=== Section Start ===
(* Let $(\mathcal{N},d)$ be a complete global Alexandrov NPC space and $T:\mathcal{N}\to\mathcal{N}$ a nonexpansive distance convex mapping. Then, for any $p\in\mathcal{N}$ whose orbit $\{p,Tp,T^2p,\ldots\}$ is bounded, and any $q\in\mathcal{N}$, the following are equivalent: (i) $Tq=q$ and $q\in\overline{co}\{p,Tp,T^2p,\ldots\}$; (ii) $q=\lim_{n\to\infty} m_n(p)$ (convergence in the metric $d$); (iii) $q$ is the weak limit of the sequence $(m_n(p))$; (iv) $q$ is a weak cluster point of the sequence $(m_n(p))$.
   Context: A metric space $(\mathcal{N},d)$ is a geodesic length space if any two points $p,q$ are joined by a rectifiable curve $\gamma:[0,1]\to\mathcal{N}$ with $\gamma(0)=p$, $\gamma(1)=q$ of length $d(p,q)$ (a geodesic). It is a global Alexandrov NPC space if for all $q\in\mathcal{N}$, every geodesic $\gamma:[0,1]\to\mathcal{N}$ and $0\le t\le 1$: $d^2(q,\gamma(t))\le (1-t)d^2(q,\gamma(0))+t d^2(q,\gamma(1))-t(1-t)l(\gamma)^2$, where $l(\gamma)$ is the length of $\gamma$. In such spaces geodesics between two points are unique. A subset is convex if any two of its points are joined by a geodesic contained in it; $co(S)$ is the smallest convex set containing $S$, and $\overline{co}(S)$ its closure. $T$ is nonexpansive if $d(Tp,Tq)\le d(p,q)$ for all $p,q$. For $r,p\in\mathcal{N}$ and $n\ge1$ let $F_n(r,p)=\frac1n\sum_{i=0}^{n-1}d^2(r,T^ip)$, and let $m_n(p)$ be the unique minimizer of $F_n(\cdot,p)$ (it exists in a complete global Alexandrov NPC space). $T$ is distance convex if for all $n\in\mathbb{N}$ and $q\in\mathcal{N}$ the function $r\mapsto d^2(m_n(r),q)$ is convex on $\mathcal{N}$, i.e. its composition with every geodesic $[0,1]\to\mathcal{N}$ is convex. For $x\in\mathcal{N}$ and a geodesic arc $\gamma$, the projection $\pi(x,\gamma)$ is the unique point of $\gamma$ closest to $x$. A sequence $(p_n)$ converges weakly to $q$ if for every geodesic arc $\gamma$ through $q$, $\pi(p_n,\gamma)\to q$. A point $q$ is a weak cluster point of $(p_n)$ if for every neighborhood $U$ of $q$ there are infinitely many $n$ such that $\pi(p_n,\gamma)\in U$ for every geodesic arc $\gamma$ through $q$. *)

From Stdlib Require Import Reals Lra Lia ClassicalEpsilon.
Open Scope R_scope.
=== Section End ===
PROBLEM DETAILS:
Would you transcribe exactly the lines from the one containing "From Stdlib Require" to the end of the material, and leave out the rest?

RESPONSE TO THIS TASK:
From Stdlib Require Import Reals Lra Lia ClassicalEpsilon.
Open Scope R_scope.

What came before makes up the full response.